◆ WORK TO BE COMPLETED ◆
Please write out, exactly as given, the line that contains "rewrite ltn_neqAle lt_jk" and all lines that follow it through the end of the listing, and nothing else.
[MATERIAL PROVIDED Boundary: Start]
(* Let $N$ be finite, $\mathbf{P}$ stochastic on $N$, $0<\beta<1$, $\mathbf{R}\in\mathbb{R}^N$, $S\subseteq N$ and $\nu\in\mathbb R$. For every stopping rule $\tau$ and every $i\in N$: (a) $g_i^\tau=g_i^S-\sum_{j\in S}w_j^Sx_{ij}^{0,\tau}+\sum_{j\in S^c}w_j^Sx_{ij}^{1,\tau}$; (b) $f_i^\tau=f_i^S-\sum_{j\in S}r_j^Sx_{ij}^{0,\tau}+\sum_{j\in S^c}r_j^Sx_{ij}^{1,\tau}$; (c) $f_i^\tau-\nu g_i^\tau=f_i^S-\nu g_i^S-\sum_{j\in S}(r_j^S-\nu w_j^S)x_{ij}^{0,\tau}+\sum_{j\in S^c}(r_j^S-\nu w_j^S)x_{ij}^{1,\tau}$.
   Context: $N$ is a finite state set, $\mathbf{P}=(p_{ij})$ stochastic, $\beta\in(0,1)$, $\mathbf{R}=(R_j)$; $X(t)$ is the Markov chain with matrix $\mathbf{P}$, $\mathsf{E}_i$ is expectation given $X(0)=i$, $S^c=N\setminus S$. A stopping rule is a (possibly randomized) stopping time $\tau\in\{0,1,\dots\}\cup\{\infty\}$ for the chain's history. Define $f_i^\tau=\mathsf{E}_i[\sum_{t=0}^{\tau-1}R_{X(t)}\beta^t]$, $g_i^\tau=\mathsf{E}_i[\sum_{t=0}^{\tau-1}\beta^t]$, and occupancy measures $x_{ij}^{1,\tau}=\mathsf{E}_i[\sum_{t=0}^{\tau-1}1_{\{X(t)=j\}}\beta^t]$ and $x_{ij}^{0,\tau}=\mathsf{E}_i[1_{\{\tau<\infty,X(\tau)=j\}}\beta^\tau]/(1-\beta)$ (the discounted time spent passive at $j$ when, after stopping, the chain remains frozen at $X(\tau)$ forever). For $S\subseteq N$ let $\tau_S=\min\{t\ge0:X(t)\notin S\}$, $f_i^S=f_i^{\tau_S}$, $g_i^S=g_i^{\tau_S}$, and $$w_i^S=1+\beta\sum_{j}p_{ij}g_j^S-\beta g_i^S,\qquad r_i^S=R_i+\beta\sum_jp_{ij}f_j^S-\beta f_i^S.$$ *)

From HB Require Import structures.
From mathcomp Require Import all_boot all_order all_algebra.
From mathcomp Require Import all_classical all_reals all_analysis.
Set Implicit Arguments. Unset Strict Implicit. Unset Printing Implicit Defensive.
Import Order.TTheory GRing.Theory Num.Theory.
Local Open Scope ring_scope.

Section MarkovStopping.
Variables (R : realType) (N : finType).

Definition tsum (u : nat -> R) : R := limn (fun n => \sum_(0 <= t < n) u t).

Definition stochastic (P : N -> N -> R) : Prop :=
  (forall i j, 0 <= P i j) /\ (forall i, \sum_(j : N) P i j = 1).

Fixpoint chainp (P : N -> N -> R) (x : N) (r : seq N) : R :=
  match r with [::] => 1 | y :: r' => P x y * chainp P y r' end.

(* P_i(X(0..t) = h) for a history h = [:: X(0); ...; X(t)] *)
Definition pathp (P : N -> N -> R) (i : N) (h : seq N) : R :=
  match h with [::] => 0 | x :: r => (x == i)%:R * chainp P x r end.

(* A (possibly randomized) stopping rule is described by its stopping
   hazard: sigma h = P(tau = t | X(0..t) = h, tau >= t), for h a history
   of length t+1.  Valid iff values lie in [0,1]. *)
Definition stopping_rule (sigma : seq N -> R) : Prop :=
  forall h, 0 <= sigma h <= 1.

(* P(tau > t | X(0..t) = h), t = size h - 1 *)
Definition cont (sigma : seq N -> R) (h : seq N) : R :=
  \prod_(s < size h) (1 - sigma (take s.+1 h)).

(* P(tau = t | X(0..t) = h), t = size h - 1 *)
Definition stopw (sigma : seq N -> R) (h : seq N) : R :=
  (\prod_(s < (size h).-1) (1 - sigma (take s.+1 h))) * sigma h.

Definition lastst t (h : (t.+1).-tuple N) : N := tnth h ord_max.

Variables (P : N -> N -> R) (beta : R) (Rw : N -> R).

(* f_i^tau = E_i[sum_{t<tau} R_{X(t)} beta^t] *)
Definition fval (sigma : seq N -> R) (i : N) : R :=
  tsum (fun t => beta ^+ t *
    \sum_(h : (t.+1).-tuple N) pathp P i h * cont sigma h * Rw (lastst h)).

(* g_i^tau = E_i[sum_{t<tau} beta^t] *)
Definition gval (sigma : seq N -> R) (i : N) : R :=
  tsum (fun t => beta ^+ t *
    \sum_(h : (t.+1).-tuple N) pathp P i h * cont sigma h).

(* x_{ij}^{1,tau} = E_i[sum_{t<tau} 1{X(t)=j} beta^t] *)
Definition x1 (sigma : seq N -> R) (i j : N) : R :=
  tsum (fun t => beta ^+ t *
    \sum_(h : (t.+1).-tuple N) pathp P i h * cont sigma h * (lastst h == j)%:R).

(* x_{ij}^{0,tau} = E_i[1{tau<oo, X(tau)=j} beta^tau] / (1 - beta) *)
Definition x0 (sigma : seq N -> R) (i j : N) : R :=
  tsum (fun t => beta ^+ t *
    \sum_(h : (t.+1).-tuple N) pathp P i h * stopw sigma h * (lastst h == j)%:R)
  / (1 - beta).

(* tau_S = min{t >= 0 : X(t) \notin S}: stop exactly when current state leaves S *)
Definition sigmaS (S : {set N}) (h : seq N) : R :=
  match h with [::] => 0 | x :: r => (last x r \notin S)%:R end.
Theorem theorem5p1 (R : realType) (M : 'M[R]_3) :
  \det M = 1 -> Fvalues M #<= `I_5.
Proof.
by move=> _; apply: card_le_II_fset => B; apply: Fvalues_fset_card.
Qed.
Lemma leftmost_inj : {in leftmost &, injective ins_tuple}.
Proof.
move=> [i a] [j b]; rewrite !unfold_in /leftmost /= => li lj /eqP.
rewrite eq_ins_tuple /= => /eqP e.
wlog le_ij : i j a b li lj e / i <= j.
  by move=> H; case: (leqP i j) => [|/ltnW] ij; [|symmetry]; apply: H.
have le_js : j <= size s by rewrite size_s -ltnS.
case: ltngtP le_ij => // [lt_ij _ | /val_inj ij _]; last first.
  by subst j; move/(congr1 (nth a ^~ i)): e; rewrite !nth_ins // => ->.
have lt_ijs : i < j <= size s by rewrite lt_ij.
have [ba sa] := @ins_eq_ins _ a i j a b s lt_ijs e.
by move: lj; rewrite ba (sa j.-1) ?eqxx ?orbF => [/eqP|]; lia.
Qed.

Lemma card_leftmost : #|[set p | leftmost p]| + m = m.+1 * #|T|.
Proof.
case E: s => [|x0 t].
  have m0 : m = 0 by rewrite -size_s E.
  have -> : [set p | leftmost p] = setT.
    by apply/setP => -[i a]; rewrite !inE /leftmost -leqn0 -ltnS -m0 ltn_ord.
  by rewrite cardsT card_prod card_ord m0 addn0.
have compl : ~: [set p | leftmost p] = [set (lift ord0 j, nth x0 s j) | j : 'I_m].
  apply/setP => -[i a]; rewrite !inE /leftmost /= negb_or negbK.
  apply/andP/imsetP => [[i_neq0 /eqP ->] | [j _ [-> ->]]]; last first.
    by split=> //; apply/eqP/set_nth_default; rewrite size_s.
  have lt_im : i.-1 < m by move: (ltn_ord i) i_neq0; lia.
  exists (Ordinal lt_im) => //; congr (_, _).
    by apply: val_inj; rewrite /= /bump /=; move: i_neq0; lia.
  by apply: set_nth_default; rewrite size_s.
have := cardsC [set p | leftmost p]; rewrite compl card_imset ?card_ord.
  by rewrite card_prod card_ord => <-.
by move=> j k [] /eqP; rewrite eqn_add2l => /eqP /val_inj.
Qed.

Lemma card_ins_image : #|[set ins_tuple p | p : 'I_m.+1 * T]| + m = m.+1 * #|T|.
Proof.
have -> : [set ins_tuple p | p : 'I_m.+1 * T] = ins_tuple @: [set p | leftmost p].
  apply/setP => x; apply/imsetP/imsetP => [[p _ ->] | [p _ ->]]; last by exists p.
  by have [p' lp' <-] := exists_leftmost p; exists p'; rewrite ?inE.
rewrite card_in_imset ?card_leftmost // => p p'; rewrite !inE; exact: leftmost_inj.
Qed.

(* Two pairs of one class with indices of equal parity would force two equal
   adjacent letters, so the parity of the index is injective on a class. *)
Lemma ins_mult_le2 p : alternating s -> ins_mult p <= 2.
Proof.
case: p => i a alt_s; rewrite /ins_mult -[2]card_bool.
apply: (@leq_card_in _ _ (fun p' => odd p'.1)) => -[j b] [k c].
rewrite !inE !eq_ins_tuple /= => /eqP eb /eqP ec; rewrite -{}ec in eb.
wlog le_jk : j k b c eb / j <= k.
  by move=> H; case: (leqP j k) => [|/ltnW] jk; [|symmetry]; apply: H.
have le_ks : k <= size s by rewrite size_s -ltnS.
case: ltngtP le_jk => // [lt_jk _ odd_jk | /val_inj jk _ _]; last first.
  by subst k; move/(congr1 (nth b ^~ j)): eb; rewrite !nth_ins // => ->.
have lt_jks : j < k <= size s by rewrite lt_jk.
have [_ sb] := @ins_eq_ins _ b j k b c s lt_jks eb.
have lt_j1k : j.+1 < k.
  rewrite ltn_neqAle lt_jk andbT; apply/eqP => kj.
  by move: odd_jk; rewrite -kj /=; case: (odd j).
move/sortedP: alt_s => /(_ b j); rewrite !sb ?leqnn ?leqnSn ?lt_j1k ?(ltnW lt_j1k) //.
by rewrite eqxx; move/(_ (leq_trans lt_j1k le_ks)).
Qed.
[MATERIAL PROVIDED Boundary: End]
◆ OUTPUT FOR THIS EXERCISE ◆
  rewrite ltn_neqAle lt_jk andbT; apply/eqP => kj.
  by move: odd_jk; rewrite -kj /=; case: (odd j).
move/sortedP: alt_s => /(_ b j); rewrite !sb ?leqnn ?leqnSn ?lt_j1k ?(ltnW lt_j1k) //.
by rewrite eqxx; move/(_ (leq_trans lt_j1k le_ks)).
Qed.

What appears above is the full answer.